Is it possible to pass std::deque's member functions as a parameter?

Question

I want to use either push_front or push_back depending on user input. Is it possible to have that included in the function parameter, then write one function in order to save on memory?

Answer 1

Is it possible to have that included in the function parameter?

No.

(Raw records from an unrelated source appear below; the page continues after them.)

(* Let $m>0$. For every fixed $k\geq0$, the functions $$\widetilde S^{\mathrm o}_k(y)=\frac{\sinh\big(k\arcsin\frac{y}{m+1}\big)}{\cos\big(\arcsin\frac{y}{m+1}\big)},\qquad\widetilde S^{\mathrm e}_k(y)=\frac{\cosh\big(k\arcsin\frac{y}{m+1}\big)}{\cos\big(\arcsin\frac{y}{m+1}\big)}$$ have Taylor expansions in the variable $y\in[-1,1]$ (about $y=0$) with nonnegative coefficients. *)

From Stdlib Require Import Reals.
From Coquelicot Require Import Coquelicot.
Open Scope R_scope.

Definition S_odd (m k y : R) : R :=
  sinh (k * asin (y / (m + 1))) / cos (asin (y / (m + 1))).

Definition S_even (m k y : R) : R :=
  cosh (k * asin (y / (m + 1))) / cos (asin (y / (m + 1))).

Definition taylor_nonneg_on_unit (f : R -> R) : Prop :=
  exists a : nat -> R,
    (forall n, a n = Derive_n f n 0 / INR (Factorial.fact n)) /\
    (forall n, 0 <= a n) /\
    (forall y, -1 <= y <= 1 -> is_pseries a y (f y)).

From Stdlib Require Import Reals Lra.
From Coquelicot Require Import Coquelicot.
Open Scope R_scope.

(* Let T be sinh(k.) or cosh(k.), so that T'' = k^2 T, and put
   P(x) = T(asin x) / cos(asin x), i.e. P(sin t) cos t = T(t).  Then P solves
   (1 - x^2) P'' - 3 x P' - (1 + k^2) P = 0, whose power series solutions obey
   c_(n+2) = ((n+1)^2 + k^2) / ((n+2)(n+1)) c_n.  Starting from c_0 = T(0) >= 0
   and c_1 = T'(0) >= 0 every coefficient is nonnegative, and the product of the
   ratios converges, so the c_n are bounded and the radius is at least 1.
   Uniqueness for T'' = k^2 T identifies the series solution with P on (-1,1).
   Finally S(y) = P(y/(m+1)) has coefficients c_n/(m+1)^n >= 0 and radius at
   least m+1 > 1, which covers [-1,1]. *)

Lemma bounded_coef_CV_radius (a : nat -> R) (M : R) :
  (forall n, Rabs (a n) <= M) -> Rbar_le 1 (CV_radius a).
Proof.
  intros Ha. apply (proj1 (CV_radius_bounded a)).
  exists M. intros n. rewrite pow1, Rmult_1_r. apply Ha.
Qed.

Lemma is_derive_Rmult (f g : R -> R) x df dg :
  is_derive f x df -> is_derive g x dg ->
  is_derive (fun t => f t * g t) x (df * g x + f x * dg).
Proof. intros Hf Hg. exact (is_derive_mult f g x df dg Hf Hg Rmult_comm). Qed.

Lemma is_derive_Rminus (f g : R -> R) x df dg :
  is_derive f x df -> is_derive g x dg ->
  is_derive (fun t => f t - g t) x (df - dg).
Proof. intros Hf Hg. exact (is_derive_minus f g x df dg Hf Hg). Qed.

Lemma is_derive_comp_sin (f : R -> R) t df :
  is_derive f (sin t) df -> is_derive (fun u => f (sin u)) t (cos t * df).
Proof. intros H. exact (is_derive_comp f sin t df (cos t) H (is_derive_sin t)). Qed.

Lemma is_derive_exp_scal k t : is_derive (fun u => exp (k * u)) t (k * exp (k * t)).
Proof. auto_derive; [easy | ring]. Qed.

Lemma is_derive_eq (f : R -> R) x (l l' : R) :
  is_derive f x l -> l = l' -> is_derive f x l'.
Proof. intros H <-; exact H. Qed.

Lemma derive0_const_on (f : R -> R) A :
  (forall t, -A < t < A -> is_derive f t 0) ->
  forall t, -A < t < A -> f t = f 0.
Proof.
  intros Hf t Ht.
  assert (Hin : forall x, Rmin 0 t <= x <= Rmax 0 t -> -A < x < A).
  { intros x Hx. unfold Rmin, Rmax in Hx. destruct (Rle_dec 0 t); lra. }
  destruct (MVT_gen f 0 t (fun _ => 0)) as [c [_ Hc]].
  - intros x Hx. apply Hf, Hin. lra.
  - intros x Hx. apply continuity_pt_filterlim, (ex_derive_continuous f x).
    exists 0. apply Hf, Hin, Hx.
  - lra.
Qed.

(* Both steps kill a first-order factor: (g' - k g) e^(kt) and then g e^(-kt)
   have zero derivative. *)
Lemma ode_hyperbolic_unique (g g1 : R -> R) (k A : R) :
  (forall t, -A < t < A -> is_derive g t (g1 t)) ->
  (forall t, -A < t < A -> is_derive g1 t (k ^ 2 * g t)) ->
  g 0 = 0 -> g1 0 = 0 -> forall t, -A < t < A -> g t = 0.
Proof.
  intros Hg Hg1 g0 g10.
  assert (first_order : forall t, -A < t < A -> g1 t = k * g t).
  { intros t Ht.
    assert (E : (g1 t - k * g t) * exp (k * t) = 0).
    { rewrite (derive0_const_on (fun u => (g1 u - k * g u) * exp (k * u)) A); trivial.
      - rewrite g0, g10. ring.
      - intros u Hu. eapply is_derive_eq.
        + apply is_derive_Rmult; [|apply is_derive_exp_scal].
          apply is_derive_Rminus; [apply Hg1, Hu|].
          apply is_derive_scal, Hg, Hu.
        + cbv beta. ring. }
    pose proof (exp_pos (k * t)). apply Rmult_integral in E. destruct E; lra. }
  intros t Ht.
  assert (E : g t * exp (- k * t) = 0).
  { rewrite (derive0_const_on (fun u => g u * exp (- k * u)) A); trivial.
    - rewrite g0. ring.
    - intros u Hu. eapply is_derive_eq.
      + apply is_derive_Rmult; [apply Hg, Hu | apply is_derive_exp_scal].
      + rewrite (first_order u Hu). ring. }
  pose proof (exp_pos (- k * t)). apply Rmult_integral in E. destruct E; lra.
Qed.

Lemma Rabs_sin_lt_1 t : - (PI / 2) < t < PI / 2 -> Rabs (sin t) < 1.
Proof.
  intros Ht. pose proof (cos_gt_0 t (proj1 Ht) (proj2 Ht)).
  pose proof (sin2_cos2 t). unfold Rsqr in *. apply Rabs_def1; nra.
Qed.

Lemma exp_le_exp x y : x <= y -> exp x <= exp y.
Proof.
  intros [Hlt | <-]; [left; apply exp_increasing, Hlt | right; reflexivity].
Qed.

Definition coef_ratio (k : R) (n : nat) : R :=
  ((INR n + 1) ^ 2 + k ^ 2) / ((INR n + 2) * (INR n + 1)).

Section SeriesSolution.

Variables k d0 d1 : R.

Fixpoint ode_coef (n : nat) : R :=
  match n with
  | O => d0
  | S O => d1
  | S (S p) => coef_ratio k p * ode_coef p
  end.

Lemma coef_ratio_pos n : 0 < coef_ratio k n.
Proof.
  unfold coef_ratio. pose proof (pos_INR n).
  apply Rdiv_lt_0_compat; nra.
Qed.

(* A majorant of the partial products of the ratios: it lies in [1, e^(k^2)]
   and G(n+2)/G(n) = exp(4k^2/((n+2)(n+4))) >= 1 + 4k^2/((n+2)(n+4)) >= rho_n. *)
Definition coef_majorant (n : nat) : R := exp (k ^ 2 - 2 * k ^ 2 / (INR n + 2)).

Lemma coef_ratio_le_majorant_ratio n :
  coef_ratio k n * coef_majorant n <= coef_majorant (S (S n)).
Proof.
  unfold coef_majorant. rewrite !S_INR. set (t := INR n).
  assert (Ht : 0 <= t) by apply pos_INR.
  set (e := 4 * k ^ 2 / ((t + 2) * (t + 4))).
  assert (He : 0 <= e).
  { apply Rmult_le_pos; [nra | apply Rlt_le, Rinv_0_lt_compat; nra]. }
  replace (k ^ 2 - 2 * k ^ 2 / (t + 1 + 1 + 2))
    with ((k ^ 2 - 2 * k ^ 2 / (t + 2)) + e) by (unfold e; field; lra).
  rewrite exp_plus, (Rmult_comm (exp _)).
  apply Rmult_le_compat_r; [apply Rlt_le, exp_pos|].
  pose proof (exp_ineq1_le e).
  assert (gap : 1 + e - coef_ratio k n
                = ((t + 1) * (t + 4) + 3 * t * k ^ 2) / ((t + 1) * (t + 2) * (t + 4))).
  { unfold e, coef_ratio. fold t. field. lra. }
  assert (0 <= ((t + 1) * (t + 4) + 3 * t * k ^ 2) / ((t + 1) * (t + 2) * (t + 4))).
  { apply Rmult_le_pos; [nra | apply Rlt_le, Rinv_0_lt_compat; nra]. }
  lra.
Qed.

Lemma coef_majorant_bounds n : 1 <= coef_majorant n <= exp (k ^ 2).
Proof.
  unfold coef_majorant. pose proof (pos_INR n).
  set (e := 2 * k ^ 2 / (INR n + 2)).
  assert (He : 0 <= e <= k ^ 2).
  { split.
    - apply Rmult_le_pos; [nra | apply Rlt_le, Rinv_0_lt_compat; lra].
    - apply Rmult_le_reg_r with (INR n + 2); [lra|]. unfold e. field_simplify; nra. }
  split.
  - rewrite <- exp_0. apply exp_le_exp. lra.
  - apply exp_le_exp. lra.
Qed.

Hypotheses (d0_ge0 : 0 <= d0) (d1_ge0 : 0 <= d1).

Lemma ode_coef_bounds n : 0 <= ode_coef n <= (d0 + d1) * exp (k ^ 2).
Proof.
  assert (majorized : forall n, 0 <= ode_coef n <= (d0 + d1) * coef_majorant n
                                /\ 0 <= ode_coef (S n) <= (d0 + d1) * coef_majorant (S n)).
  { clear n; induction n as [|n [IHn IHSn]].
    - pose proof (coef_majorant_bounds 0). pose proof (coef_majorant_bounds 1).
      simpl. split; split; nra.
    - split; [exact IHSn|]. cbn [ode_coef].
      pose proof (coef_ratio_pos n). pose proof (coef_ratio_le_majorant_ratio n).
      pose proof (coef_majorant_bounds n).
      split; [nra|].
      apply Rle_trans with (coef_ratio k n * ((d0 + d1) * coef_majorant n)); [|nra].
      apply Rmult_le_compat_l; lra. }
  destruct (majorized n) as [Hn _]. pose proof (coef_majorant_bounds n). nra.
Qed.

Lemma ode_coef_CV_radius_inside x :
  Rabs x < 1 -> Rbar_lt (Rabs x) (CV_radius ode_coef).
Proof.
  intros Hx.
  assert (R1 : Rbar_le 1 (CV_radius ode_coef)).
  { apply bounded_coef_CV_radius with ((d0 + d1) * exp (k ^ 2)). intros n.
    destruct (ode_coef_bounds n). rewrite Rabs_pos_eq; lra. }
  destruct (CV_radius ode_coef); simpl in *; lra.
Qed.

Lemma ode_coef_PS_equation n :
  PS_plus (PS_plus (PS_incr_1 (PS_incr_1 (PS_derive (PS_derive ode_coef))))
                   (PS_scal 3 (PS_incr_1 (PS_derive ode_coef))))
          (PS_scal (1 + k ^ 2) ode_coef) n
  = PS_derive (PS_derive ode_coef) n.
Proof.
  unfold PS_plus, PS_scal, PS_incr_1, PS_derive. cbn -[INR pow].
  destruct n as [|[|n]]; cbn [ode_coef]; unfold coef_ratio; rewrite ?S_INR; simpl INR.
  - field.
  - field.
  - pose proof (pos_INR n). field. lra.
Qed.

Let P := PSeries ode_coef.
Let P1 := PSeries (PS_derive ode_coef).
Let P2 := PSeries (PS_derive (PS_derive ode_coef)).

Lemma PSeries_ode_coef_ode x :
  Rabs x < 1 -> P2 x = x ^ 2 * P2 x + 3 * x * P1 x + (1 + k ^ 2) * P x.
Proof.
  intros Hx.
  pose proof (ode_coef_CV_radius_inside x Hx) as R0.
  assert (R1 : Rbar_lt (Rabs x) (CV_radius (PS_derive ode_coef)))
    by (rewrite CV_radius_derive; exact R0).
  assert (R2 : Rbar_lt (Rabs x) (CV_radius (PS_derive (PS_derive ode_coef))))
    by (rewrite !CV_radius_derive; exact R0).
  pose proof (PSeries_correct _ _ (CV_radius_inside _ _ R0)) as S0.
  pose proof (PSeries_correct _ _ (CV_radius_inside _ _ R1)) as S1.
  pose proof (PSeries_correct _ _ (CV_radius_inside _ _ R2)) as S2.
  pose proof (is_pseries_incr_1 _ _ _ (is_pseries_incr_1 _ _ _ S2)) as T2.
  pose proof (is_pseries_scal 3 _ _ _ (Rmult_comm _ _) (is_pseries_incr_1 _ _ _ S1)) as T1.
  pose proof (is_pseries_scal (1 + k ^ 2) _ _ _ (Rmult_comm _ _) S0) as T0.
  pose proof (is_pseries_plus _ _ _ _ _ (is_pseries_plus _ _ _ _ _ T2 T1) T0) as Sum.
  apply (is_pseries_ext _ _ _ _ ode_coef_PS_equation), is_pseries_unique in Sum.
  assert (E : P2 x = x * (x * P2 x) + 3 * (x * P1 x) + (1 + k ^ 2) * P x)
    by exact Sum.
  rewrite E at 1. ring.
Qed.

Lemma is_derive_PSeries_ode_coef s : Rabs s < 1 -> is_derive P s (P1 s).
Proof. intros. apply is_derive_PSeries, ode_coef_CV_radius_inside. easy. Qed.

Lemma is_derive_PSeries_ode_coef_derive s : Rabs s < 1 -> is_derive P1 s (P2 s).
Proof.
  intros. apply is_derive_PSeries.
  rewrite CV_radius_derive. apply ode_coef_CV_radius_inside. easy.
Qed.

Variables T T1 : R -> R.
Hypotheses (T_deriv : forall t, is_derive T t (T1 t))
           (T1_deriv : forall t, is_derive T1 t (k ^ 2 * T t))
           (T_0 : T 0 = d0) (T1_0 : T1 0 = d1).

(* g(t) = P(sin t) cos t - T(t) solves g'' = k^2 g: this is where the ODE for P
   (multiplied by cos t, with sin^2 + cos^2 = 1) is used. *)
Lemma PSeries_ode_coef_sin_mul_cos t :
  - (PI / 2) < t < PI / 2 -> P (sin t) * cos t = T t.
Proof.
  intros Ht. apply Rminus_diag_uniq.
  apply (ode_hyperbolic_unique (fun u => P (sin u) * cos u - T u)
     (fun u => P1 (sin u) * (cos u * cos u) - P (sin u) * sin u - T1 u) k (PI / 2));
    trivial.
  - intros u Hu. pose proof (Rabs_sin_lt_1 u Hu) as Hs.
    eapply is_derive_eq.
    + apply is_derive_Rminus; [|apply T_deriv].
      apply is_derive_Rmult; [|apply is_derive_cos].
      apply is_derive_comp_sin, is_derive_PSeries_ode_coef, Hs.
    + cbv beta. ring.
  - intros u Hu. pose proof (Rabs_sin_lt_1 u Hu) as Hs.
    eapply is_derive_eq.
    + apply is_derive_Rminus; [|apply T1_deriv].
      apply is_derive_Rminus.
      * apply is_derive_Rmult.
        { apply is_derive_comp_sin, is_derive_PSeries_ode_coef_derive, Hs. }
        apply (is_derive_Rmult cos cos); apply is_derive_cos.
      * apply is_derive_Rmult; [|apply is_derive_sin].
        apply is_derive_comp_sin, is_derive_PSeries_ode_coef, Hs.
    + cbv beta. pose proof (PSeries_ode_coef_ode (sin u) Hs) as ode.
      pose proof (sin2_cos2 u) as sc. unfold Rsqr in sc.
      set (s := sin u) in *. set (c := cos u) in *.
      transitivity (k ^ 2 * (P s * c - T u)
                    + c * ((s * s + c * c - 1) * P2 s)
                    + c * (P2 s - (s ^ 2 * P2 s + 3 * s * P1 s + (1 + k ^ 2) * P s)));
        [ring|].
      rewrite sc, <- ode. ring.
  - rewrite sin_0, cos_0. unfold P. rewrite PSeries_0, T_0. simpl. ring.
  - rewrite sin_0, cos_0. unfold P, P1. rewrite !PSeries_0, T1_0.
    unfold PS_derive. simpl. ring.
Qed.

Lemma taylor_nonneg_on_unit_rescaled (m : R) (f : R -> R) :
  0 < m ->
  (forall y, f y = T (asin (y / (m + 1))) / cos (asin (y / (m + 1)))) ->
  taylor_nonneg_on_unit f.
Proof.
  intros Hm Hf.
  assert (Hm1 : 0 < m + 1) by lra.
  set (a := fun n => ode_coef n / (m + 1) ^ n).
  assert (a_bounds : forall n, 0 <= a n <= (d0 + d1) * exp (k ^ 2)).
  { intros n. unfold a. pose proof (ode_coef_bounds n).
    assert (1 <= (m + 1) ^ n) by (apply pow_R1_Rle; lra).
    split.
    - apply Rmult_le_pos; [lra | apply Rlt_le, Rinv_0_lt_compat; lra].
    - apply Rle_trans with (ode_coef n); [|lra].
      apply Rmult_le_reg_r with ((m + 1) ^ n); [lra|].
      field_simplify; nra. }
  assert (series_eq : forall y, Rabs y < m + 1 -> is_pseries a y (f y)).
  { intros y Hy. set (x := y / (m + 1)).
    assert (Hx : Rabs x < 1).
    { unfold x. rewrite Rabs_div, (Rabs_pos_eq (m + 1)) by lra.
      apply Rmult_lt_reg_r with (m + 1); [lra|]. field_simplify; lra. }
    assert (Hx' : -1 < x < 1) by (destruct (Rabs_def2 _ _ Hx); lra).
    pose proof (asin_bound_lt x Hx') as Hb.
    pose proof (cos_gt_0 _ (proj1 Hb) (proj2 Hb)).
    pose proof (PSeries_ode_coef_sin_mul_cos (asin x) Hb) as E.
    rewrite sin_asin in E by lra.
    replace (f y) with (P x) by (rewrite Hf; fold x; rewrite <- E; field; lra).
    eapply is_series_ext; [|apply (PSeries_correct _ _ (CV_radius_inside _ _
                                   (ode_coef_CV_radius_inside x Hx)))].
    intros n. rewrite !pow_n_pow.
    change ((y / (m + 1)) ^ n * ode_coef n = y ^ n * (ode_coef n / (m + 1) ^ n)).
    unfold Rdiv. rewrite Rpow_mult_distr, pow_inv. ring. }
  exists a. split; [|split].
  - intros n. rewrite (Derive_n_ext_loc f (PSeries a)).
    + rewrite Derive_n_coef.
      * field. apply INR_fact_neq_0.
      * apply Rbar_lt_le_trans with 1; [simpl; lra|].
        apply bounded_coef_CV_radius with ((d0 + d1) * exp (k ^ 2)). intros n'.
        destruct (a_bounds n'). rewrite Rabs_pos_eq; lra.
    + exists (mkposreal 1 Rlt_0_1). intros y Hy.
      change (Rabs (y - 0) < 1) in Hy. rewrite Rminus_0_r in Hy.
      symmetry. apply is_pseries_unique, series_eq. lra.
  - intros n. apply a_bounds.
  - intros y Hy. apply series_eq, Rabs_def1; lra.
Qed.

End SeriesSolution.

Theorem mainTheorem7 (m k : R) (hm : 0 < m) (hk : 0 <= k) :
  taylor_nonneg_on_unit (S_odd m k) /\ taylor_nonneg_on_unit (S_even m k).
Proof.
  assert (sinh_deriv : forall t, is_derive (fun u => sinh (k * u)) t (k * cosh (k * t))).
  { intros t. unfold sinh, cosh. auto_derive; [easy | field]. }
  assert (cosh_deriv : forall t, is_derive (fun u => cosh (k * u)) t (k * sinh (k * t))).
  { intros t. unfold sinh, cosh. auto_derive; [easy | field]. }
  assert (sinh_0 : sinh (k * 0) = 0)
    by (unfold sinh; rewrite Rmult_0_r, Ropp_0, exp_0; field).
  assert (cosh_0 : cosh (k * 0) = 1)
    by (unfold cosh; rewrite Rmult_0_r, Ropp_0, exp_0; field).
  split.
  - apply (taylor_nonneg_on_unit_rescaled k 0 k (Rle_refl 0) hk
             (fun t => sinh (k * t)) (fun t => k * cosh (k * t)) sinh_deriv)
      with m; trivial.
    + intros t. eapply is_derive_eq; [apply is_derive_scal, cosh_deriv | ring].
    + cbv beta. rewrite cosh_0. ring.
  - apply (taylor_nonneg_on_unit_rescaled k 1 0 Rle_0_1 (Rle_refl 0)
             (fun t => cosh (k * t)) (fun t => k * sinh (k * t)) cosh_deriv)
      with m; trivial.
    + intros t. eapply is_derive_eq; [apply is_derive_scal, sinh_deriv | ring].
    + cbv beta. rewrite sinh_0. ring.
Qed.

You can't.

A good explanation can be found in this discussion: Can I take the address of a function defined in standard library?

---

However, a workaround can be done by telling the function explicitly where the insertion should take place.

#include <iostream>
#include <deque>

enum class To{ front = 0, back };

void func(std::deque<int>& dq, const int value, const To where)
{
    if (where == To::front)
    {
        dq.push_front(value);
        // code
    }
    else if(where == To::back)
    {
        dq.push_back(value);
        // code
    }
}

And you call it

std::deque<int> dq;
func(dq, 1, To::back);
func(dq, 2, To::front);

Answer 2

It is possible using lambdas:

#include <deque>

void f(bool user_input) {
    using C = std::deque<int>;
    using FnType = void(*)(C&, int);
    FnType const fns[2] = {
        [](C& c, int value) { c.push_front(value); },
        [](C& c, int value) { c.push_back(value); }
    };
    C q;
    fns[user_input](q, 1);
    fns[!user_input](q, 2);
}

In this examples, the closures created by lambda expressions have 0 captures and hence can be converted to plain function pointers. When there are more than 0 captures std::function can be used instead of plain function pointers.